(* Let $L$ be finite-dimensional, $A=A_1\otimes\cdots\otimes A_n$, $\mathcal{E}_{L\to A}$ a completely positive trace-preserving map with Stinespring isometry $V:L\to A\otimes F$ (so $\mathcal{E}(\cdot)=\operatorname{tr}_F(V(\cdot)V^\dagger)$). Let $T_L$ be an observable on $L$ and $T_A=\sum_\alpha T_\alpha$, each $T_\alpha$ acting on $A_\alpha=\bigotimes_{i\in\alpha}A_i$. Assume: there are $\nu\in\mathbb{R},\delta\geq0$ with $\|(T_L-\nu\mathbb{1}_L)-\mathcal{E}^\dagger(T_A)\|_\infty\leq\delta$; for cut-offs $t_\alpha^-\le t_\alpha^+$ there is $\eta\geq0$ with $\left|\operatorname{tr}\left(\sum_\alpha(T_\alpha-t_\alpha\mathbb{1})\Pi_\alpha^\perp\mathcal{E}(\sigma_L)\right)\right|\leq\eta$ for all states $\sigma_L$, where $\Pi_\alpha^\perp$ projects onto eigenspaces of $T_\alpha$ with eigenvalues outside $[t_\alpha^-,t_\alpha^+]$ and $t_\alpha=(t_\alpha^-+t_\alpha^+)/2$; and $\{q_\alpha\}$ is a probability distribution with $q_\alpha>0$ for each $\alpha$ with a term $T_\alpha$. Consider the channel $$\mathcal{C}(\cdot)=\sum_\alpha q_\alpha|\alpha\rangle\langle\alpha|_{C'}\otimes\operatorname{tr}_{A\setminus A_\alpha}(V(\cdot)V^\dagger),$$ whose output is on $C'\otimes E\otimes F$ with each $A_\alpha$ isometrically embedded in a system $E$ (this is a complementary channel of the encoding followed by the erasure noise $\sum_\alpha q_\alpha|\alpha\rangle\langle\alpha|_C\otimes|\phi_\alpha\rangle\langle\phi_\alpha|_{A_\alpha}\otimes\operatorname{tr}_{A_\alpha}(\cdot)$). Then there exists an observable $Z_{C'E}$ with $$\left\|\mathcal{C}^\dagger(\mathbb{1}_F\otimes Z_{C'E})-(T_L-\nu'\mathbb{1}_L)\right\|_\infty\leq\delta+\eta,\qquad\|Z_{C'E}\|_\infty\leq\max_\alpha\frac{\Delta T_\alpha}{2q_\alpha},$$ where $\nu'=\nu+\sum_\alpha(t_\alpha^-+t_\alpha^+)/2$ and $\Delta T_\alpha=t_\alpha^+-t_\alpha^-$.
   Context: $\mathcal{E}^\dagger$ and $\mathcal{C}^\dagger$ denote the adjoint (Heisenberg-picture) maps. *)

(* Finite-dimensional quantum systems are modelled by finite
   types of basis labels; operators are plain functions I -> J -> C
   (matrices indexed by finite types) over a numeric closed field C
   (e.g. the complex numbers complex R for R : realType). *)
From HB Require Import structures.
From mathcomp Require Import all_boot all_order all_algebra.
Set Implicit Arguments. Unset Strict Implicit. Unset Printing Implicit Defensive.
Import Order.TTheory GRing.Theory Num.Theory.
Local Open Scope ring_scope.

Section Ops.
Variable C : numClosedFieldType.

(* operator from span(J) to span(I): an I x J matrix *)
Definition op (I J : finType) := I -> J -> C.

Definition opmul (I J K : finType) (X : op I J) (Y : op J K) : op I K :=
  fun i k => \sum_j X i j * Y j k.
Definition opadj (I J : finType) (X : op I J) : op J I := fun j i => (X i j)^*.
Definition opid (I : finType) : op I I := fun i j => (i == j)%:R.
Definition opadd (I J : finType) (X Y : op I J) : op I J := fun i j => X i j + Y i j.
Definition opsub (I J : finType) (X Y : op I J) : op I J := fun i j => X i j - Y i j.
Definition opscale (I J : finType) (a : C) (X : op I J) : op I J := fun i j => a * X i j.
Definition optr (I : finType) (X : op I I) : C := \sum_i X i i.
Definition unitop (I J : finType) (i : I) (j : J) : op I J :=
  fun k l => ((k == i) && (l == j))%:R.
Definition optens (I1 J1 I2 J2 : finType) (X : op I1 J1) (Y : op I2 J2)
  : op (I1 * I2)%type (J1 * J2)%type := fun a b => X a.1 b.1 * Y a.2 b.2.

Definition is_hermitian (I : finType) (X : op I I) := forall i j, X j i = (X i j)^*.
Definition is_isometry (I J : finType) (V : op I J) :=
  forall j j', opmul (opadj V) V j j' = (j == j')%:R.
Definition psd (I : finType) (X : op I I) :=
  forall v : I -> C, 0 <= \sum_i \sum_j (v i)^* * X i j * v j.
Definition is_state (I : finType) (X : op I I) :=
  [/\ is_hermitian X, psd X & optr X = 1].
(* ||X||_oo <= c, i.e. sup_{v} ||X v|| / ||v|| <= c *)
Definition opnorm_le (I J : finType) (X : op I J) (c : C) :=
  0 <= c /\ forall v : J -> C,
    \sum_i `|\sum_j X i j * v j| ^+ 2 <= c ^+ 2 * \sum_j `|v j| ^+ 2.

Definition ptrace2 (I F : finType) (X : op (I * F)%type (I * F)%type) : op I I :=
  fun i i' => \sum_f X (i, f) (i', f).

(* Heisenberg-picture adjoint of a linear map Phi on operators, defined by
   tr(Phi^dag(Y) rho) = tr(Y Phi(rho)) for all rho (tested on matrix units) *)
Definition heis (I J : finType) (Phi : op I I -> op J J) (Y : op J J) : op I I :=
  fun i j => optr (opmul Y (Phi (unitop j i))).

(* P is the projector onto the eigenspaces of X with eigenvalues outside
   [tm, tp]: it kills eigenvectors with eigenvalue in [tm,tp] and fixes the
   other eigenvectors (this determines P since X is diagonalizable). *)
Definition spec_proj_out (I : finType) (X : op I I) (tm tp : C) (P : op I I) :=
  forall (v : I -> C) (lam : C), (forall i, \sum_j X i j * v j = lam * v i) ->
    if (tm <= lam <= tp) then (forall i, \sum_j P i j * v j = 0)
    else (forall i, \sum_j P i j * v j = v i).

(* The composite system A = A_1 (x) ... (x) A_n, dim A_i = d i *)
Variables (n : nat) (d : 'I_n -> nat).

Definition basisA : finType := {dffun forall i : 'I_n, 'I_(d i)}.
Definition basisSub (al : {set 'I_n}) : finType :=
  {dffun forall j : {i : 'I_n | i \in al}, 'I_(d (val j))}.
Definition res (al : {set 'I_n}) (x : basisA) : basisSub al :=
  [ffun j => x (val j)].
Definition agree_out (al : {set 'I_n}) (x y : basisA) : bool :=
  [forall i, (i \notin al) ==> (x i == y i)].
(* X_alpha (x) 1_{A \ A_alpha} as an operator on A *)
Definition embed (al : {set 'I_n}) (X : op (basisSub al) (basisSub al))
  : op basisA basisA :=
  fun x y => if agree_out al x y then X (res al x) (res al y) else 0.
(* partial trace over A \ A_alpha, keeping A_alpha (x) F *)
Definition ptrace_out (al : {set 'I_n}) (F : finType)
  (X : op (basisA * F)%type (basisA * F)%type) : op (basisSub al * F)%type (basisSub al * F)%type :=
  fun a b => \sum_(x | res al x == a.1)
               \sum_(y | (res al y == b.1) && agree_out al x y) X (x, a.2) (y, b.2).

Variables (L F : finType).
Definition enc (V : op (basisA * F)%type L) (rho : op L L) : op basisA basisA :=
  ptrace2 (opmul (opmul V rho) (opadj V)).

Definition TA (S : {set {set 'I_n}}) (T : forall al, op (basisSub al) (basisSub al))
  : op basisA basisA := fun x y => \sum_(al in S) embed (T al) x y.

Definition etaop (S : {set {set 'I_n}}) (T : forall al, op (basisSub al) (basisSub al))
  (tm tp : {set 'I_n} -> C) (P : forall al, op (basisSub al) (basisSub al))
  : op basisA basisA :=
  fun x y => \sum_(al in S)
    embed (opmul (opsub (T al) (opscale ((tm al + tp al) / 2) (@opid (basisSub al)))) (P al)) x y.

○ ○ ○ ○ ○ ○ ○

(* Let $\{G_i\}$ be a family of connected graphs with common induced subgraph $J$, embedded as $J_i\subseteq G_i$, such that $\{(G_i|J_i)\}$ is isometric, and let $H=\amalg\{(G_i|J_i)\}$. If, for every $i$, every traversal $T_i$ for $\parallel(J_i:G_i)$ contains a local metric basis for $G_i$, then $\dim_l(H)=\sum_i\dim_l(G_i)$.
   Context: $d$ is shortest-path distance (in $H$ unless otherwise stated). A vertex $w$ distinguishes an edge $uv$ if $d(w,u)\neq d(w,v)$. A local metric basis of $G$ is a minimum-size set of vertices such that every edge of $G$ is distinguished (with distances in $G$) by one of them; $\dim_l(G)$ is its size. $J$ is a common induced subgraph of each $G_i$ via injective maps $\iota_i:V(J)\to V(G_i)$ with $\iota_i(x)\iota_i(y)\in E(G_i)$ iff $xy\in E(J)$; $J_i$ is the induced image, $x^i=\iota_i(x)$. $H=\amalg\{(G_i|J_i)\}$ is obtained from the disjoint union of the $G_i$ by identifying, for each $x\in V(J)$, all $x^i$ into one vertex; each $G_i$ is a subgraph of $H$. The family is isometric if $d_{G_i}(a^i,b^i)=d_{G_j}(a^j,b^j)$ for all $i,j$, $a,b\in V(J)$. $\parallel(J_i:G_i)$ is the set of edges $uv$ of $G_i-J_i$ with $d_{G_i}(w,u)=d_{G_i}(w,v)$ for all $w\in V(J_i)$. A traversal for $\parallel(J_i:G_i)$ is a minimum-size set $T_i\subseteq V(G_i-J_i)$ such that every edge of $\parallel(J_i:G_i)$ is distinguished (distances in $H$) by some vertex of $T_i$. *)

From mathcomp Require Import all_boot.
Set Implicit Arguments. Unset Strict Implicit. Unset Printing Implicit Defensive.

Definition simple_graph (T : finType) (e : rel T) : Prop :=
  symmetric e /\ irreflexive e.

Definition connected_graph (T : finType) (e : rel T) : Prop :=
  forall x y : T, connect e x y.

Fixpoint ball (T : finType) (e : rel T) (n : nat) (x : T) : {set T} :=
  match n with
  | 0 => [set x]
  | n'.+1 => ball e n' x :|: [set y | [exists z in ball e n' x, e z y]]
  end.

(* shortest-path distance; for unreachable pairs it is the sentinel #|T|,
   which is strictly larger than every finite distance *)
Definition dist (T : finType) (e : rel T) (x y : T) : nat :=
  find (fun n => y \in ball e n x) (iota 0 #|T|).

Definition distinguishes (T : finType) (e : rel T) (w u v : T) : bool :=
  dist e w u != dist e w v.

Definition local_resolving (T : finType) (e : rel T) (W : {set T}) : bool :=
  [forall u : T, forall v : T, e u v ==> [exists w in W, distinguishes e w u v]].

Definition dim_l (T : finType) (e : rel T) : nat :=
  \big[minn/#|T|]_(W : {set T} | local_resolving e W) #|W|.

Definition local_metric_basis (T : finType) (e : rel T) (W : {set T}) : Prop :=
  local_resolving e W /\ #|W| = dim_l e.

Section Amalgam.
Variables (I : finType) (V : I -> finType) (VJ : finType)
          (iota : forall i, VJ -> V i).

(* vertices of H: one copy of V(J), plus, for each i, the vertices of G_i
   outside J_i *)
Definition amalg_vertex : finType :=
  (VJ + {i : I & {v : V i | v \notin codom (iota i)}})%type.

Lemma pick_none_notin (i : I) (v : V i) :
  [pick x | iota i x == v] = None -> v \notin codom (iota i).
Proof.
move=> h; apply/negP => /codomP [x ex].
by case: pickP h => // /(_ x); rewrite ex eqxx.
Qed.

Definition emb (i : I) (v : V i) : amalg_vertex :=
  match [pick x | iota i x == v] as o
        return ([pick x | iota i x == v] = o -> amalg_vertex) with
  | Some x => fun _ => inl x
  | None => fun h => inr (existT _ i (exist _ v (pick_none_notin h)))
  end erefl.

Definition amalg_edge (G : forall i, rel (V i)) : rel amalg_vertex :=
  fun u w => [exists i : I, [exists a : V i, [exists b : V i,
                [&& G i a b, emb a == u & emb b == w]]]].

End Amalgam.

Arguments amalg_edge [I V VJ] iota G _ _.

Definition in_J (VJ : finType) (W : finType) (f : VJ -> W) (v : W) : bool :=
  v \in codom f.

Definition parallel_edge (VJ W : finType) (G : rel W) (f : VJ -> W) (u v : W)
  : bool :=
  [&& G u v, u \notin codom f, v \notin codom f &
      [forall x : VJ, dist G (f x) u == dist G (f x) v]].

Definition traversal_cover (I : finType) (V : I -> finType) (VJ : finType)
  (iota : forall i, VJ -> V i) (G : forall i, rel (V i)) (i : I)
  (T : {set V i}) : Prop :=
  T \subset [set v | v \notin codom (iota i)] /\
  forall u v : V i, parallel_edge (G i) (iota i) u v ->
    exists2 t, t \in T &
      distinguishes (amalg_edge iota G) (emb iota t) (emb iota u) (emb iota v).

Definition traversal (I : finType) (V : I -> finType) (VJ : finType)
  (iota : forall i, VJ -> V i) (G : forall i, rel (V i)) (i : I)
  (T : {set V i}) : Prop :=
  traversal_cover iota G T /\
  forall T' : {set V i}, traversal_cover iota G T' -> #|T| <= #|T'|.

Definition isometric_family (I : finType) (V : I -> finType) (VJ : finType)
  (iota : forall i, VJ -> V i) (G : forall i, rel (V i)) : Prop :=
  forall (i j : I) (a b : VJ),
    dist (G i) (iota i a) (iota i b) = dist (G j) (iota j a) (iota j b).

○ ○ ○ ○ ○ ○ ○

# The problem:
The response must hold only the lines above from the line with "(T al) x y." through the line with "embed (opmul (opsub", each copied exactly, both ends kept.

# Task response:
  : op basisA basisA := fun x y => \sum_(al in S) embed (T al) x y.

Definition etaop (S : {set {set 'I_n}}) (T : forall al, op (basisSub al) (basisSub al))
  (tm tp : {set 'I_n} -> C) (P : forall al, op (basisSub al) (basisSub al))
  : op basisA basisA :=
  fun x y => \sum_(al in S)
    embed (opmul (opsub (T al) (opscale ((tm al + tp al) / 2) (@opid (basisSub al)))) (P al)) x y.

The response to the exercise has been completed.